Where the string "first" occurs in a line of the entries below, copy that line.

Provided records
---

(* Let $\Omega\subset\mathbb{C}^d$ be a complete Kobayashi hyperbolic domain and let $\gamma:[0,\infty)\to\Omega$ be a geodesic ray. Suppose $x,y\in\partial\Omega$ and there are sequences $t_n\to\infty$, $s_n\to\infty$ with $\gamma(t_n)\to x$ and $\gamma(s_n)\to y$. Then for every $R>0$ and every $o\in\Omega$, $y\in\overline{H^b_o(x,R)}$. In particular, $x\in\overline{H^b_o(x,R)}$ for all $R>0$, $o\in\Omega$.
   Context: For a Kobayashi hyperbolic domain $\Omega\subset\mathbb{C}^d$ with Kobayashi distance $\mathsf{k}_\Omega$, $x\in\partial\Omega$, $o\in\Omega$, $R>0$: $H^b_o(x,R)=\{z\in\Omega:\liminf_{w\to x}(\mathsf{k}_\Omega(z,w)-\mathsf{k}_\Omega(o,w))<\tfrac12\log R\}$; closure in $\mathbb{C}^d$. Complete Kobayashi hyperbolic: $(\Omega,\mathsf{k}_\Omega)$ is Cauchy complete. A geodesic ray is a map $\gamma:[0,\infty)\to\Omega$ with $\mathsf{k}_\Omega(\gamma(s),\gamma(t))=|s-t|$ for all $s,t\ge0$. *)

From mathcomp Require Import all_boot all_order all_algebra.
From mathcomp Require Import all_classical all_reals all_analysis.
Set Implicit Arguments. Unset Strict Implicit. Unset Printing Implicit Defensive.
Import Order.TTheory GRing.Theory Num.Theory.
Local Open Scope ring_scope.
Local Open Scope classical_set_scope.

Section Kobayashi.
Variable R : realType.

(* complex numbers a + i b as pairs (a, b) *)
Definition cplx := (R * R)%type.
Definition cadd (z w : cplx) : cplx := (z.1 + w.1, z.2 + w.2).
Definition csub (z w : cplx) : cplx := (z.1 - w.1, z.2 - w.2).
Definition cmul (z w : cplx) : cplx := (z.1 * w.1 - z.2 * w.2, z.1 * w.2 + z.2 * w.1).
Definition cconj (z : cplx) : cplx := (z.1, - z.2).
Definition cone : cplx := (1, 0).
Definition cabs (z : cplx) : R := Num.sqrt (z.1 ^+ 2 + z.2 ^+ 2).

Definition Cd (d : nat) := 'I_d -> cplx.
Definition cdnorm d (z : Cd d) : R := Num.sqrt (\sum_(i < d) cabs (z i) ^+ 2).
Definition cddist d (z w : Cd d) : R := cdnorm (fun i => csub (z i) (w i)).

Definition cd_open d (A : set (Cd d)) : Prop :=
  forall z, A z -> exists2 e : R, 0 < e & forall w, cddist z w < e -> A w.
Definition cd_closure d (A : set (Cd d)) : set (Cd d) :=
  fun x => forall e : R, 0 < e -> exists w, A w /\ cddist x w < e.
Definition cd_boundary d (A : set (Cd d)) : set (Cd d) :=
  fun x => cd_closure A x /\ ~ A x.
Definition cd_connected d (A : set (Cd d)) : Prop :=
  forall U V : set (Cd d), cd_open U -> cd_open V ->
    A `<=` U `|` V -> A `&` U `&` V = set0 ->
    A `&` U = set0 \/ A `&` V = set0.
Definition domain d (Om : set (Cd d)) : Prop :=
  cd_open Om /\ Om !=set0 /\ cd_connected Om.
Definition seq_cvg_to d (u : nat -> Cd d) (x : Cd d) : Prop :=
  forall e : R, 0 < e -> exists N, forall n, (N <= n)%N -> cddist (u n) x < e.
Definition tends_to_pinfty (t : nat -> R) : Prop :=
  forall M : R, exists N, forall n, (N <= n)%N -> M < t n.

Definition udisc : set cplx := fun z => cabs z < 1.
Definition cdiff_at (g : cplx -> cplx) (z : cplx) : Prop :=
  exists L : cplx, forall e : R, 0 < e -> exists2 dl : R, 0 < dl &
    forall h : cplx, cabs h < dl ->
      cabs (csub (csub (g (cadd z h)) (g z)) (cmul L h)) <= e * cabs h.
Definition holo_disc d (Om : set (Cd d)) (f : cplx -> Cd d) : Prop :=
  (forall z, udisc z -> Om (f z)) /\
  (forall z, udisc z -> forall j : 'I_d, cdiff_at (fun u => f u j) z).

Definition poincare (a b : cplx) : R :=
  let t := cabs (csub a b) / cabs (csub cone (cmul (cconj a) b)) in
  2^-1 * ln ((1 + t) / (1 - t)).

Definition kob_chain_sums d (Om : set (Cd d)) (z w : Cd d) : set R :=
  [set s | exists (n : nat) (p : nat -> Cd d) (f : nat -> cplx -> Cd d)
             (a b : nat -> cplx),
      [/\ p 0%N = z, p n = w,
          forall j, (j < n)%N ->
            [/\ holo_disc Om (f j), udisc (a j), udisc (b j),
                f j (a j) = p j & f j (b j) = p j.+1]
        & s = \sum_(j < n) poincare (a j) (b j)]].
Definition kob_dist d (Om : set (Cd d)) (z w : Cd d) : R :=
  inf (kob_chain_sums Om z w).

Definition kobayashi_hyperbolic d (Om : set (Cd d)) : Prop :=
  forall z w, Om z -> Om w -> z <> w -> 0 < kob_dist Om z w.
Definition kob_cauchy_complete d (Om : set (Cd d)) : Prop :=
  forall u : nat -> Cd d, (forall n, Om (u n)) ->
    (forall e : R, 0 < e -> exists N, forall m n, (N <= m)%N -> (N <= n)%N ->
        kob_dist Om (u m) (u n) < e) ->
    exists2 l, Om l & forall e : R, 0 < e -> exists N, forall n, (N <= n)%N ->
        kob_dist Om (u n) l < e.
Definition complete_kob_hyperbolic d (Om : set (Cd d)) : Prop :=
  domain Om /\ kobayashi_hyperbolic Om /\ kob_cauchy_complete Om.

Definition geodesic_ray d (Om : set (Cd d)) (g : R -> Cd d) : Prop :=
  (forall t, 0 <= t -> Om (g t)) /\
  (forall s t, 0 <= s -> 0 <= t -> kob_dist Om (g s) (g t) = `|s - t|).

Definition liminf_at d (Om : set (Cd d)) (x : Cd d) (F : Cd d -> R) : \bar R :=
  ereal_sup [set ereal_inf [set (F w)%:E | w in
                 [set w | Om w /\ w <> x /\ cddist w x < dl]]
            | dl in [set dl : R | 0 < dl]].

Definition big_horoball d (Om : set (Cd d)) (o x : Cd d) (Rr : R) : set (Cd d) :=
  [set z | Om z /\
     (liminf_at Om x (fun w => (kob_dist Om z w - kob_dist Om o w)%R)
        < (2^-1 * ln Rr)%:E)%E].

End Kobayashi.

(* Along a geodesic ray the Busemann-type quantity k(gam s, w) - k(o, w), with
   w = gam t far out on the ray, is at most k(gam 0, o) - s by the triangle
   inequality through o.  Letting w run along the subsequence gam (t n) -> x
   shows that gam s lies in every big horoball H^b_o(x, R) as soon as s is
   large, so every accumulation point of the ray, x itself included, lies in
   the closure of H^b_o(x, R). *)
From mathcomp Require Import all_boot all_order all_algebra.
From mathcomp Require Import all_classical all_reals all_analysis.
From mathcomp Require Import zify lra.
Set Implicit Arguments. Unset Strict Implicit.
Import Order.TTheory GRing.Theory Num.Theory.
Local Open Scope ring_scope.
Local Open Scope classical_set_scope.

Section KobayashiDistance.
Variables (R : realType) (d : nat) (Om : set (Cd R d)).

Lemma cddist_sym (z w : Cd R d) : cddist z w = cddist w z.
Proof.
rewrite /cddist /cdnorm; congr (Num.sqrt _); apply: eq_bigr => i _.
by rewrite /cabs /csub /= -[(w i).1 - _]opprB -[(w i).2 - _]opprB !sqrrN.
Qed.

Lemma kob_chain_sums_cat a b c s1 s2 :
  kob_chain_sums Om a b s1 -> kob_chain_sums Om b c s2 ->
  kob_chain_sums Om a c (s1 + s2).
Proof.
move=> [n1 [p1 [f1 [a1 [b1 [P10 P1n H1 ->]]]]]].
move=> [n2 [p2 [f2 [a2 [b2 [P20 P2n H2 ->]]]]]].
pose glue T (u1 u2 : nat -> T) j := if (j < n1)%N then u1 j else u2 (j - n1)%N.
exists (n1 + n2)%N, (glue _ p1 p2), (glue _ f1 f2), (glue _ a1 a2), (glue _ b1 b2).
rewrite /glue; split.
- case: ifP => // /negbT; rewrite -leqNgt leqn0 => /eqP n10.
  by rewrite sub0n P20 -P1n n10 P10.
- by rewrite ifF ?addKn //; apply/negbTE; rewrite -leqNgt leq_addr.
- move=> j lt_j; case: ifP => lt_j1.
  + have [? ? ? ? F] := H1 j lt_j1; split => //.
    case: ifP => // /negbT; rewrite -leqNgt => le_n1j.
    have jn1 : j.+1 = n1 by apply/eqP; rewrite eqn_leq le_n1j andbT.
    by rewrite jn1 subnn P20 F jn1 P1n.
  + have le_n1j : (n1 <= j)%N by rewrite leqNgt lt_j1.
    have [? ? ? ? F] := H2 (j - n1)%N ltac:(lia); split => //.
    by rewrite ifF ?F ?subSn //; apply/negbTE; rewrite -leqNgt; lia.
- rewrite big_split_ord /=; congr (_ + _); apply: eq_bigr => i _ /=.
  + by rewrite ltn_ord.
  + by rewrite ltnNge leq_addr /= addKn.
Qed.

(* [inf] returns 0 on sets without an infimum, so a nonzero distance is
   attained as a genuine infimum. *)
Lemma kob_dist_neq0_has_inf z w :
  kob_dist Om z w != 0 -> has_inf (kob_chain_sums Om z w).
Proof. by move=> /eqP kzw; apply: contrapT => /inf_out. Qed.

Hypothesis hyp : kobayashi_hyperbolic Om.

Lemma kob_chain_sums_neq0 z w : Om z -> Om w -> kob_chain_sums Om z w !=set0.
Proof.
move=> Oz Ow; have [<-|zw] := pselect (z = w).
  exists 0, 0%N, (fun _ => z), (fun _ _ => z), (fun _ => (0, 0)), (fun _ => (0, 0)).
  by split => //; rewrite big_ord0.
by case: (kob_dist_neq0_has_inf (lt0r_neq0 (hyp Oz Ow zw))).
Qed.

Lemma kob_dist_triangle a b c : Om a -> Om b -> Om c -> kob_dist Om a c != 0 ->
  kob_dist Om a c <= kob_dist Om a b + kob_dist Om b c.
Proof.
move=> Oa Ob Oc /kob_dist_neq0_has_inf[_ lb_ac].
rewrite -lerBlDl; apply: lb_le_inf => [|s2 Hs2]; first exact: kob_chain_sums_neq0.
suff : kob_dist Om a c - s2 <= kob_dist Om a b by lra.
apply: lb_le_inf => [|s1 Hs1]; first exact: kob_chain_sums_neq0.
suff : kob_dist Om a c <= s1 + s2 by lra.
by apply: (ge_inf lb_ac); exact: kob_chain_sums_cat Hs1 Hs2.
Qed.

End KobayashiDistance.

Lemma liminf_at_le (R : realType) d (Om : set (Cd R d)) (x : Cd R d)
    (F : Cd R d -> R) (c : R) :
  (forall dl : R, 0 < dl ->
     exists2 w, [/\ Om w, w <> x & cddist w x < dl] & F w <= c) ->
  (liminf_at Om x F <= c%:E)%E.
Proof.
move=> near_x; apply: ge_ereal_sup => _ [dl dl0 <-].
have [w [Ow wx dwx] Fw] := near_x dl dl0.
by apply: (@le_trans _ _ (F w)%:E); [apply: ereal_inf_lbound; exists w|].
Qed.

Section GeodesicRay.
Variables (R : realType) (d : nat) (Om : set (Cd R d)) (gam : R -> Cd R d).
Hypotheses (hyp : kobayashi_hyperbolic Om) (ray : geodesic_ray Om gam).

Lemma geodesic_ray_busemann_le o s t : Om o -> 0 <= s -> s <= t -> 0 < t ->
  kob_dist Om (gam s) (gam t) - kob_dist Om o (gam t) <=
  kob_dist Om (gam 0) o - s.
Proof.
case: ray => gOm gd Oo s0 st t0.
have k0t : kob_dist Om (gam 0) (gam t) = t.
  by rewrite gd ?lexx ?(ltW t0) // sub0r normrN gtr0_norm.
have := kob_dist_triangle hyp (gOm 0 (lexx 0)) Oo (gOm t (ltW t0)).
rewrite k0t => /(_ (lt0r_neq0 t0)).
have kst : kob_dist Om (gam s) (gam t) = t - s.
  by rewrite gd ?(ltW t0) // distrC ger0_norm ?subr_ge0.
rewrite kst; lra.
Qed.

Lemma geodesic_ray_in_big_horoball (t : nat -> R) (x o : Cd R d) (Rr s : R) :
  ~ Om x -> tends_to_pinfty t -> seq_cvg_to (fun n => gam (t n)) x ->
  Om o -> 0 <= s -> kob_dist Om (gam 0) o - s < 2^-1 * ln Rr ->
  big_horoball Om o x Rr (gam s).
Proof.
case: ray => gOm _ nx tt ct Oo s0 sL; split; first exact: gOm.
apply: le_lt_trans (liminf_at_le _) _; last by rewrite lte_fin; exact: sL.
move=> dl dl0; have [N1 HN1] := tt (Num.max s 0); have [N2 HN2] := ct dl dl0.
have := HN1 (maxn N1 N2) (leq_maxl _ _); rewrite gt_max => /andP[st t0].
exists (gam (t (maxn N1 N2))); last exact: geodesic_ray_busemann_le (ltW st) t0.
split; [exact/gOm/ltW | by move=> gx; apply: nx; rewrite -gx; exact/gOm/ltW |].
exact/HN2/leq_maxr.
Qed.

Lemma geodesic_ray_limit_in_big_horoball_closure (t s : nat -> R) (x y o : Cd R d)
    (Rr : R) :
  ~ Om x -> tends_to_pinfty t -> seq_cvg_to (fun n => gam (t n)) x ->
  tends_to_pinfty s -> seq_cvg_to (fun n => gam (s n)) y ->
  Om o -> cd_closure (big_horoball Om o x Rr) y.
Proof.
move=> nx tt ct ts cs Oo e e0.
have [N1 HN1] := ts (Num.max 0 (kob_dist Om (gam 0) o - 2^-1 * ln Rr)).
have [N2 HN2] := cs e e0.
have := HN1 (maxn N1 N2) (leq_maxl _ _); rewrite gt_max => /andP[s0 sL].
exists (gam (s (maxn N1 N2))); split.
- by apply: geodesic_ray_in_big_horoball nx tt ct Oo (ltW s0) _; lra.
- by rewrite cddist_sym; exact/HN2/leq_maxr.
Qed.

End GeodesicRay.

Theorem lemma3p3 (R : realType) (d : nat) (Om : set (Cd R d))
    (gam : R -> Cd R d) (x y : Cd R d) (t s : nat -> R) :
  complete_kob_hyperbolic Om ->
  geodesic_ray Om gam ->
  cd_boundary Om x -> cd_boundary Om y ->
  tends_to_pinfty t -> tends_to_pinfty s ->
  seq_cvg_to (fun n => gam (t n)) x ->
  seq_cvg_to (fun n => gam (s n)) y ->
  (forall (Rr : R) (o : Cd R d), 0 < Rr -> Om o ->
      cd_closure (big_horoball Om o x Rr) y) /\
  (forall (Rr : R) (o : Cd R d), 0 < Rr -> Om o ->
      cd_closure (big_horoball Om o x Rr) x).
Proof.
move=> [_ [hyp _]] ray [_ nx] _ tt ts ct cs.
split=> Rr o _ Oo.
- exact (geodesic_ray_limit_in_big_horoball_closure hyp ray Rr nx tt ct ts cs Oo).
- exact (geodesic_ray_limit_in_big_horoball_closure hyp ray Rr nx tt ct tt ct Oo).
Qed.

---

Answer space
rewrite -lerBlDl; apply: lb_le_inf => [|s2 Hs2]; first exact: kob_chain_sums_neq0.
apply: lb_le_inf => [|s1 Hs1]; first exact: kob_chain_sums_neq0.
case: ray => gOm _ nx tt ct Oo s0 sL; split; first exact: gOm.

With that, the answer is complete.